Named after Lucy Addison, a pioneering African American educator and first principal of the segregated Harrison School, Lucy Addison High School became Roanoke's second all-African American secondary educational institution. During its history, the school operated in two separate buildings: at Roanoke's Douglas and Hart Avenues between 1928 and 1952; and at Roanoke's Fifth Street and Orange Avenue between 1953 and 1970.

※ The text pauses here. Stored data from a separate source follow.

(* For $k\in\mathbb N$ let $\mathcal H_k(e^q,J^-)=\frac1k\operatorname{tr}((J^-)^k)$ on $\mathfrak M_{0,-}^{\mathrm{reg}}$ (the restriction of $h_k=\frac1k\Re\operatorname{tr}(J^k)$). Then for every $\mathcal F\in C^\infty(\mathfrak M_{0,-}^{\mathrm{reg}})^{\mathbb T^n}$ and $k\in\mathbb N$, $$\{\mathcal F,\mathcal H_k\}_{2,-}^{\mathrm{red}}=\{\mathcal F,\mathcal H_{k+1}\}_{1,-}^{\mathrm{red}}=\langle\nabla_1\mathcal F,\mathcal V_k[q]\rangle+\langle d_2\mathcal F,\mathcal V_k[J^-]\rangle,$$ where $\mathcal V_k[q]\in\mathcal G_0^-$ has diagonal entries $((J^-)^k)_{jj}$ and $\mathcal V_k[J^-]=[R(q)(J^-)^k,J^-]$. Moreover, if one parametrizes $J^-$ as $(J^-)_{ij}=p_i\delta_{ij}-(1-\delta_{ij})\frac{\xi_{ij}}{\sinh(q_i-q_j)}$ with $p_i\in\mathbb R$ and $\xi$ an anti-Hermitian matrix with zero diagonal, then $$\mathcal H_2=\frac12\sum_{i=1}^np_i^2+\sum_{1\le i<j\le n}\frac{|\xi_{ij}|^2}{\sinh^2(q_i-q_j)},$$ and the functions $\tilde h_k=\frac1k\Im\operatorname{tr}(J^k)$ vanish identically on $\mathfrak M_{0,-}^{\mathrm{reg}}$.
   Context: $\mathcal G=\mathfrak{gl}(n,\mathbb C)$ (real Lie algebra) with $\langle X,Y\rangle=\Re\operatorname{tr}(XY)$; $\mathcal G^+=\mathfrak u(n)$ (anti-Hermitian), $\mathcal G^-=\mathrm i\,\mathfrak u(n)$ (Hermitian), $X^\pm=\frac12(X\mp X^* )$, $\mathcal G^\pm_0$ the diagonal matrices in $\mathcal G^\pm$. $\mathfrak M_{0,-}^{\mathrm{reg}}=\{(e^q,J^-): J^-\in\mathcal G^-,\ q=\mathrm{diag}(q_1,\dots,q_n),\ q_i\in\mathbb R,\ q_1>\dots>q_n\}$, with the diagonal unitary torus $\mathbb T^n$ acting by $J^-\mapsto\tau J^-\tau^{-1}$. For $\mathcal F\in C^\infty(\mathfrak M_{0,-}^{\mathrm{reg}})$: $\nabla_1\mathcal F\in\mathcal G_0^-$ with $\langle\nabla_1\mathcal F,X_0\rangle=\frac{d}{dt}|_0\mathcal F(e^{q+tX_0},J^-)$ ($X_0\in\mathcal G_0^-$), $d_2\mathcal F\in\mathcal G^-$ with $\langle d_2\mathcal F,X\rangle=\frac{d}{dt}|_0\mathcal F(e^q,J^-+tX)$ ($X\in\mathcal G^-$), $\nabla_2\mathcal F=J^-d_2\mathcal F$. $R(q)\in\mathrm{End}(\mathcal G)$: $(R(q)X)_{ii}=0$, $(R(q)X)_{ij}=X_{ij}\coth(q_i-q_j)$ for $i\ne j$. The Poisson brackets on $C^\infty(\mathfrak M_{0,-}^{\mathrm{reg}})^{\mathbb T^n}$ are $\{\mathcal F,\mathcal H\}_{1,-}^{\mathrm{red}}=\langle\nabla_1\mathcal F,d_2\mathcal H\rangle-\langle\nabla_1\mathcal H,d_2\mathcal F\rangle+\langle J^-,[R(q)d_2\mathcal F,d_2\mathcal H]+[d_2\mathcal F,R(q)d_2\mathcal H]\rangle$ and $\{\mathcal F,\mathcal H\}_{2,-}^{\mathrm{red}}=\langle\nabla_1\mathcal F,\nabla_2\mathcal H\rangle-\langle\nabla_1\mathcal H,\nabla_2\mathcal F\rangle+2\langle\nabla_2\mathcal F,R(q)\nabla_2\mathcal H\rangle$ (derivatives at $(e^q,J^-)$). *)

From HB Require Import structures.
From mathcomp Require Import all_boot all_order all_algebra.
From mathcomp Require Import complex.
From mathcomp Require Import all_classical all_reals all_analysis.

As a result of Roanoke's desegregation of its high schools in 1963, Addison eventually became an integrated high school in 1970. Though the City of Roanoke closed Addison's doors as a high school in 1973, Addison was converted into Lucy Addison Junior High School. The building now operates as Lucy Addison Junior High School within the Roanoke City Public School System.

==History==
Lucy Addison (December 8, 1861 – November 13, 1937), a pioneering African American educator who served as the principal of Roanoke, Virginia's now-defunct Harrison School, created a high school curriculum in 1924 to expand beyond Harrison's 8th grade program. After receiving high school accreditation from Virginia's Board of Education, the Harrison School graduated three students in its inaugural 1924 high school class. Addison served as Harrison School's principal from 1917 until her retirement in 1927.

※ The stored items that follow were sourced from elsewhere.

(* Let $\beta\in(0,\tfrac12)$ and let $\lambda$ be an eigenvalue of $\Delta_\beta$. Then $\lambda\ge\lambda_1(\beta)$.
   Context: Tree: for an integer $m\ge2$, $\mathbb{T}_m$ has vertices the root $\emptyset$ and all finite sequences $(\emptyset,a_1,\dots,a_k)$, $a_i\in\{0,\dots,m-1\}$; $|x|$ is the level, successors of $x$ are $(x,i)$, $\hat x$ is the immediate predecessor of $x\ne\emptyset$. A branch is an infinite sequence $(x_n)_{n\ge0}$ with $x_0=\emptyset$, $x_{n+1}$ a successor of $x_n$; $\lim_{x\to y}u(x)=\lim_n u(x_n)$ for a branch $y=(x_n)$. Operator: $p_\beta=\beta/(1-\beta)$ for $\beta\in(0,1)$. $\Delta_\beta u(\emptyset)=\frac1m\sum_{i=0}^{m-1}u(\emptyset,i)-u(\emptyset)$ and, for $x\ne\emptyset$, $\Delta_\beta u(x)=\big(\beta u(\hat x)+\frac{1-\beta}{m}\sum_{i=0}^{m-1}u(x,i)-u(x)\big)p_\beta^{-|x|}$. Eigenvalues: $\lambda\in\mathbb{R}$ is an eigenvalue of $\Delta_\beta$ if there is a bounded $u\not\equiv0$ with $-\Delta_\beta u=\lambda u$ on $\mathbb{T}_m$ and $\lim_{x\to y}u(x)=0$ for every branch $y$. $\mathcal{A}_\beta=\{\lambda>0:\exists v:\mathbb{T}_m\to\mathbb{R}\text{ and constants }0<c<C\text{ with } c<v<C \text{ and } \Delta_\beta v+\lambda v\le0 \text{ on }\mathbb{T}_m\}$, $\lambda_1(\beta)=\sup\mathcal{A}_\beta$. *)

From HB Require Import structures.
From mathcomp Require Import all_boot all_order all_algebra.
From mathcomp Require Import all_classical all_reals all_analysis.
Set Implicit Arguments. Unset Strict Implicit. Unset Printing Implicit Defensive.
Import Order.TTheory GRing.Theory Num.Theory.
Import numFieldNormedType.Exports.
Local Open Scope ring_scope.
Local Open Scope classical_set_scope.

(* Vertices of T_m: finite sequences of digits in {0,...,m-1}; the root is [::],
   the successors of x are (rcons x i), the level |x| is (size x), and the
   immediate predecessor of a nonempty x is (take (size x).-1 x). *)
Definition vertex (m : nat) := seq 'I_m.

Definition pred_vertex (m : nat) (x : vertex m) : vertex m := take (size x).-1 x.

Definition pbeta {R : realType} (beta : R) : R := beta / (1 - beta).

Definition Delta {R : realType} (m : nat) (beta : R) (u : vertex m -> R)
  (x : vertex m) : R :=
  if x is [::] then (m%:R)^-1 * (\sum_(i < m) u (rcons x i)) - u x
  else (beta * u (pred_vertex x) + (1 - beta) / m%:R * (\sum_(i < m) u (rcons x i))
        - u x) * (pbeta beta) ^- (size x).

(* A branch is determined by its digit sequence b : nat -> 'I_m; its n-th vertex
   is x_n = mkseq b n = [:: b 0; ...; b (n-1)] (so x_0 = root and
   x_{n+1} = rcons x_n (b n) is a successor of x_n). *)
Definition is_eigenvalue {R : realType} (m : nat) (beta lam : R) : Prop :=
  exists u : vertex m -> R,
    [/\ (exists M : R, forall x, `|u x| <= M),
        (exists x, u x != 0),
        (forall x, - Delta beta u x = lam * u x) &
        (forall b : nat -> 'I_m, (fun n => u (mkseq b n)) @ \oo --> (0 : R))].

Definition A_beta {R : realType} (m : nat) (beta : R) : set R :=
  [set lam | 0 < lam /\
     exists (v : vertex m -> R) (c C : R),
       [/\ 0 < c, c < C, (forall x, c < v x /\ v x < C) &
           (forall x, Delta beta v x + lam * v x <= 0)]].

(* lambda_1(beta) = sup A_beta, taken in the extended reals so that no
   convention for empty/unbounded sets is silently imposed. *)
Definition lambda1 {R : realType} (m : nat) (beta : R) : \bar R :=
  ereal_sup [set l%:E | l in A_beta m beta].

From HB Require Import structures.
From mathcomp Require Import all_boot all_order all_algebra.
From mathcomp Require Import all_classical all_reals all_analysis.
From mathcomp Require Import ring lra.
Set Implicit Arguments. Unset Strict Implicit. Unset Printing Implicit Defensive.
Import Order.TTheory GRing.Theory Num.Theory numFieldNormedType.Exports.
Local Open Scope ring_scope.
Local Open Scope classical_set_scope.

(* Suppose lam < l for some l in A_beta, witnessed by v with c < v < C and
   Delta v + l v <= 0.  Normalise the eigenfunction f to be positive somewhere
   and let t be the least multiple with f <= t v.  Then h = t v - f >= 0 gets
   arbitrarily close to 0, and where h is small,
   Delta h <= - t (l - lam) v + |lam| h < 0.  A negative Laplacian forces a
   strictly smaller neighbour, so starting from a near-contact point, climbing
   to a suitable ancestor and then descending, one finds a branch along which h
   stays small.  Since f -> 0 along every branch, h >= t c / 2 eventually on it:
   a contradiction. *)

Section TreeLaplacian.
Variables (R : realType) (m : nat) (beta : R).

Lemma DeltaZ (a : R) (g : vertex m -> R) x :
  Delta beta (fun y => a * g y) x = a * Delta beta g x.
Proof. by rewrite /Delta; case: x => [|z s] /=; rewrite -!mulr_sumr; ring. Qed.

Lemma DeltaB (g k : vertex m -> R) x :
  Delta beta (fun y => g y - k y) x = Delta beta g x - Delta beta k x.
Proof. by rewrite /Delta; case: x => [|z s] /=; rewrite sumrB; ring. Qed.

Lemma DeltaN (g : vertex m -> R) x :
  Delta beta (fun y => - g y) x = - Delta beta g x.
Proof. by rewrite /Delta; case: x => [|z s] /=; rewrite sumrN; ring. Qed.

Hypotheses (m_gt0 : (0 < m)%N) (beta_gt0 : 0 < beta) (beta_lt1 : beta < 1).

Lemma Delta_lt0_smaller_neighbor (h : vertex m -> R) x :
  Delta beta h x < 0 ->
  (x != [::] /\ h (pred_vertex x) < h x) \/ exists i, h (rcons x i) < h x.
Proof.
move=> Dh_lt0.
have [|children_ge] := pselect (exists i, h (rcons x i) < h x); first by right.
have sum_ge : m%:R * h x <= \sum_(i < m) h (rcons x i).
  rewrite -[in X in X * _](card_ord m) mulr_natl -sumr_const.
  by apply: ler_sum => i _; rewrite leNgt; apply/negP => ?; apply: children_ge; exists i.
have m_pos : 0 < (m%:R : R) by rewrite ltr0n.
have mean_ge : h x <= (m%:R)^-1 * \sum_(i < m) h (rcons x i) by rewrite ler_pdivlMl.
move: Dh_lt0; rewrite /Delta; case: x sum_ge mean_ge {children_ge} => [|z s] _ mean_ge /=.
  by rewrite subr_lt0 ltNge mean_ge.
have pbeta_pos : 0 < pbeta beta ^- (size s).+1.
  by rewrite invr_gt0 exprn_gt0 // divr_gt0 // subr_gt0.
rewrite pmulr_llt0 // => Dh_lt0; left; split => //.
rewrite ltNge; apply/negP => parent_ge.
have : (1 - beta) * h (z :: s) <= (1 - beta) / m%:R * \sum_(i < m) h (rcons (z :: s) i).
  by rewrite -mulrA; apply: ler_wpM2l => //; rewrite subr_ge0 ltW.
have : beta * h (z :: s) <= beta * h (pred_vertex (z :: s)) by apply: ler_wpM2l => //; exact: ltW.
by move: Dh_lt0; set S := _ / _ * _; set P := h (pred_vertex _); lra.
Qed.

Lemma exists_ancestor_le_parent (h : vertex m -> R) x :
  exists y, h y <= h x /\ (y = [::] \/ h y <= h (pred_vertex y)).
Proof.
elim: {x}(size x) {-2}x (leqnn (size x)) => [|n IH] [|z s] size_x;
  try by exists [::]; split => //; left.
have [parent_ge|parent_lt] := leP (h (z :: s)) (h (pred_vertex (z :: s))).
  by exists (z :: s); split => //; right.
have [|y [hy y_min]] := IH (pred_vertex (z :: s)).
  by rewrite size_take /= ltnSn.
by exists y; split => //; apply: le_trans hy (ltW parent_lt).
Qed.

Lemma exists_branch (P : vertex m -> Prop) y :
  P y -> (forall x, P x -> exists i, P (rcons x i)) ->
  exists b : nat -> 'I_m, forall n, P (mkseq b (size y + n)).
Proof.
move=> Py step; have [i0 _] := step y Py.
have [next Pnext] : {next : vertex m -> 'I_m &
    forall x, P x -> P (rcons x (next x))}.
  apply: (@boolp.choice _ _ (fun x i => P x -> P (rcons x i))) => x.
  have [/step [i] Pi|nPx] := pselect (P x); first by exists i.
  by exists i0 => /nPx.
pose X n := iter n (fun x => rcons x (next x)) y.
have size_X n : size (X n) = (size y + n)%N.
  by elim: n => [|n IH]; rewrite ?addn0 //= size_rcons IH addnS.
have nth_X n d k : (k < size (X n))%N -> nth i0 (X (n + d)%N) k = nth i0 (X n) k.
  move=> lt_k; elim: d => [|d IH]; first by rewrite addn0.
  rewrite addnS /= nth_rcons size_X -IH ifT //.
  by apply: leq_trans lt_k _; rewrite size_X leq_add2l leq_addr.
exists (fun k => nth i0 (X k.+1) k) => n.
have -> : mkseq (fun k => nth i0 (X k.+1) k) (size y + n) = X n.
  apply: (@eq_from_nth _ i0); first by rewrite size_mkseq size_X.
  move=> k; rewrite size_mkseq => lt_k; rewrite nth_mkseq //.
  have [le_kn|lt_nk] := leqP k.+1 n.
    by rewrite -(subnKC le_kn) nth_X // size_X leq_addl.
  by rewrite -(subnKC (ltnW lt_nk)) nth_X // size_X.
by elim: n => //= n IH; apply: Pnext.
Qed.

Lemma Delta_lt0_sublevel_branch (h : vertex m -> R) theta x0 :
  (forall x, h x < theta -> Delta beta h x < 0) -> h x0 < theta ->
  exists b : nat -> 'I_m, exists N, forall n, (N <= n)%N -> h (mkseq b n) < theta.
Proof.
move=> Dh_lt0 hx0.
(* Along vertices of the sublevel set that are not below their parent, a
   negative Laplacian forces a strictly smaller child. *)
pose P x := h x < theta /\ (x = [::] \/ h x <= h (pred_vertex x)).
have [y [hy y_min]] := exists_ancestor_le_parent h x0.
have Py : P y by split => //; apply: le_lt_trans hy hx0.
have step x : P x -> exists i, P (rcons x i).
  move=> [hx x_min]; have [[x_ne parent_lt]|[i child_lt]] :=
    Delta_lt0_smaller_neighbor (Dh_lt0 x hx).
    by case: x_min => [x0E|]; [rewrite x0E in x_ne | rewrite leNgt parent_lt].
  exists i; split; first exact: lt_trans hx.
  by right; rewrite /pred_vertex size_rcons -cats1 take_size_cat // cats1 ltW.
have [b Pb] := exists_branch Py step.
exists b, (size y) => n le_yn; rewrite -(subnKC le_yn).
by case: (Pb (n - size y)%N).
Qed.

End TreeLaplacian.

Lemma exists_tight_multiple {R : realType} {T : Type} (f v : T -> R) (c C M : R) x1 :
  0 < c -> (forall x, c < v x /\ v x < C) -> (forall x, f x <= M) -> 0 < f x1 ->
  exists2 t, 0 < t & (forall x, f x <= t * v x) /\
    (forall e, 0 < e -> exists x, t * v x - f x < e).
Proof.
move=> c_gt0 v_bounds f_le fx1_gt0.
have v_gt0 x : 0 < v x by case: (v_bounds x) => /(lt_trans c_gt0).
have C_gt0 : 0 < C by case: (v_bounds x1) => /(lt_trans c_gt0) /lt_trans; apply.
pose E := [set f x / v x | x in [set: T]].
have E_sup : has_sup E.
  split; first by exists (f x1 / v x1), x1.
  exists (M / c) => _ [x _ <-]; rewrite ler_pdivrMr //.
  have M_ge0 : 0 <= M / c by rewrite divr_ge0 ?(le_trans (ltW fx1_gt0) (f_le x1)) ?ltW.
  apply: le_trans (f_le x) _; rewrite -[leLHS](divfK (lt0r_neq0 c_gt0)).
  by apply: ler_wpM2l => //; case: (v_bounds x) => /ltW.
have ratio_le x : f x / v x <= sup E by apply: sup_upper_bound => //; exists x.
exists (sup E).
  by apply: lt_le_trans (ratio_le x1); rewrite divr_gt0.
split=> [x|e e_gt0]; first by rewrite -ler_pdivrMr.
have [_ [x _ <-] ratio_gt] := sup_adherent (divr_gt0 e_gt0 C_gt0) E_sup.
exists x; have [_ vx_lt] := v_bounds x.
have -> : sup E * v x - f x = v x * (sup E - f x / v x).
  by rewrite mulrBr mulrCA mulfV ?gt_eqF // mulr1 mulrC.
apply: (@lt_le_trans _ _ (v x * (e / C))); first by rewrite ltr_pM2l //; lra.
by rewrite mulrCA ger_pMr // ler_pdivrMr // mul1r ltW.
Qed.

Section SupersolutionComparison.
Variables (R : realType) (m : nat) (beta lam l c C : R) (f v : vertex m -> R).
Hypotheses (m_gt0 : (0 < m)%N) (beta_gt0 : 0 < beta) (beta_lt1 : beta < 1).
Hypotheses (f_eigen : forall x, - Delta beta f x = lam * f x)
  (f_vanish : forall b : nat -> 'I_m, (fun n => f (mkseq b n)) @ \oo --> (0 : R)).
Hypotheses (c_gt0 : 0 < c) (v_bounds : forall x, c < v x /\ v x < C)
  (v_super : forall x, Delta beta v x + l * v x <= 0).

Lemma Delta_lt0_near_contact t : 0 < t -> lam < l -> (forall x, f x <= t * v x) ->
  exists2 eta, 0 < eta &
    forall x, t * v x - f x < eta -> Delta beta (fun y => t * v y - f y) x < 0.
Proof.
move=> t_gt0 lam_lt_l f_le.
pose gap := t * (l - lam) * c.
have gap_gt0 : 0 < gap by rewrite !mulr_gt0 // subr_gt0.
exists (gap / (`|lam| + 1)) => [|x hx]; first by rewrite divr_gt0 // ltr_wpDl.
have [vx_gt _] := v_bounds x; have hx_ge0 : 0 <= t * v x - f x by rewrite subr_ge0.
have lam_h : `|lam| * (t * v x - f x) < gap.
  by rewrite ltr_pdivlMr ?ltr_wpDl // in hx; nra.
have lam_h_ge : - lam * (t * v x - f x) <= `|lam| * (t * v x - f x).
  by apply: ler_wpM2r => //; rewrite -normrN ler_norm.
have gap_lt : gap < t * (l - lam) * v x by rewrite ltr_pM2l // mulr_gt0 // subr_gt0.
have tv_super : t * Delta beta v x <= - (t * l * v x).
  by rewrite -mulrA -mulrN ler_pM2l //; have := v_super x; lra.
rewrite DeltaB DeltaZ -[Delta beta f x]opprK f_eigen.
by move: lam_h lam_h_ge gap_lt tv_super; rewrite /gap; nra.
Qed.

Lemma supersolution_le_eigenvalue M x1 :
  (forall x, f x <= M) -> 0 < f x1 -> l <= lam.
Proof.
move=> f_le fx1_gt0; rewrite leNgt; apply/negP => lam_lt_l.
have [t t_gt0 [f_le_tv tight]] := exists_tight_multiple c_gt0 v_bounds f_le fx1_gt0.
have [eta eta_gt0 Dh_lt0] := Delta_lt0_near_contact t_gt0 lam_lt_l f_le_tv.
pose theta := Num.min eta (t * c / 2).
have tc2_gt0 : 0 < t * c / 2 by rewrite !mulr_gt0.
have theta_le_eta : theta <= eta by rewrite ge_min lexx.
have theta_le_tc2 : theta <= t * c / 2 by rewrite ge_min lexx orbT.
have [x0 hx0] : exists x, t * v x - f x < theta by apply: tight; rewrite lt_min eta_gt0.
have [b [N hb]] := Delta_lt0_sublevel_branch m_gt0 beta_gt0 beta_lt1
  (fun x hx => Dh_lt0 x (lt_le_trans hx theta_le_eta)) hx0.
have [N' _ fb_small] := cvgr0_norm_lt _ (f_vanish b) _ tc2_gt0.
have := hb _ (leq_maxl N N'); have := fb_small _ (leq_maxr N N') => /=.
set y := mkseq b _; have [vy_gt _] := v_bounds y.
have : t * c <= t * v y by rewrite ler_pM2l // ltW.
have : f y <= `|f y| by exact: ler_norm.
lra.
Qed.

End SupersolutionComparison.

Lemma is_eigenvalue_pos (R : realType) (m : nat) (beta lam : R) :
  is_eigenvalue m beta lam ->
  exists f : vertex m -> R,
    [/\ (exists M, forall x, f x <= M), (exists x, 0 < f x),
        (forall x, - Delta beta f x = lam * f x) &
        (forall b : nat -> 'I_m, (fun n => f (mkseq b n)) @ \oo --> (0 : R))].
Proof.
move=> [u [[M u_le] [x1 ux1_neq0] u_eigen u_vanish]].
have [[y uy_gt0]|u_le0] := pselect (exists y, 0 < u y).
  exists u; split => //; last by exists y.
  by exists M => x; exact: le_trans (ler_norm _) (u_le x).
exists (fun x => - u x); split.
- by exists M => x; apply: le_trans (ler_norm _) _; rewrite normrN.
- exists x1; rewrite oppr_gt0 lt_neqAle ux1_neq0 leNgt /=.
  by apply/negP => ux1_gt0; apply: u_le0; exists x1.
- by move=> x; rewrite DeltaN opprK mulrN -u_eigen opprK.
- by move=> b; rewrite -oppr0; apply: cvgN.
Qed.

Theorem corollary5p3 (R : realType) (m : nat) (beta lam : R) :
  (2 <= m)%N -> 0 < beta -> beta < 1 / 2 ->
  is_eigenvalue m beta lam -> (lambda1 m beta <= lam%:E)%E.
Proof.
move=> two_le_m beta_gt0 beta_lt_half /is_eigenvalue_pos
  [f [[M f_le] [x1 fx1_gt0] f_eigen f_vanish]].
apply: ge_ereal_sup => _ [l [_ [v [c [C [c_gt0 _ v_bounds v_super]]]]] <-].
have m_gt0 : (0 < m)%N by apply: leq_trans two_le_m.
have beta_lt1 : beta < 1 by apply: lt_trans beta_lt_half _; rewrite ltr_pdivrMr // mul1r ltr1n.
rewrite lee_fin; exact: (supersolution_le_eigenvalue m_gt0 beta_gt0 beta_lt1 f_eigen
  f_vanish c_gt0 v_bounds v_super f_le fx1_gt0).
Qed.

In 1928, the City of Roanoke renamed the school after Lucy Addison. Lucy Addison High School's first structure was built at the corner of Roanoke's Douglas and Hart Avenues, operating at this location from 1928 to 1952. Addison attended the official grand opening of Lucy Addison High School, April 19, 1929. The school graduated its first class in 1929 during the Great Depression.

Lucy Addison High School's second structure was built in 1951 at the corner of Roanoke's Fifth Street and Orange Avenue in the heart of the African-American community. Opening its doors for the 1952-1953 school year, the school graduated its first class in 1953.

As a result of desegregation in the southern United States, the school closed in 1973. Addison graduated its final high school class in 1973.

In 2015, the Lucy Addison High School Alumni Association unveiled a three-piece monument erected in honor of the school's founder, faculty and alumni.

==Administration==
Lucy Addison High School had seven principals at school's Douglas and Hart Avenue location:

- 1928-1934 - T. R. Parker
- 1935-1939 - Arnett G. Macklin
- 1939-1945 - Samuel Fischer Scott
- 1945-1946 - Sadie V. Lawson
- 1946-1948 - Henry Carpenter
- 1948-1949 - Lewis A. Sydnor Sr. Principal at Roanoke's Booker T. Washington Junior High School in the 1960s.
- 1949-1952 - Sadie V. Lawson

Three principals at its Fifth Street and Orange Avenue location:
- 1952-1968 - Edwin L Phillips
- 1968-1970 - Julian A. Moore
- 1970-1973 - Charles W. Day

==Notable alumni==
- Captain Ralph Claytor - Member of the Tuskegee Airmen. Basketball and football standout at Addison High School before attending Hampton Institute
- Lawrence Hamlar - prominent African-American civic leader, businessman, and philanthropist. Founder of Roanoke's historic African American-owned Hamlar Curtis Funeral Home.
- Oliver Hill - Prominent African American civil rights attorney whose work against Jim Crow racial discrimination helped end the doctrine of "separate but equal.". Attended the Harrison School during his family's relocation from Richmond, Virginia to Roanoke, Virginia in early childhood and young adult years.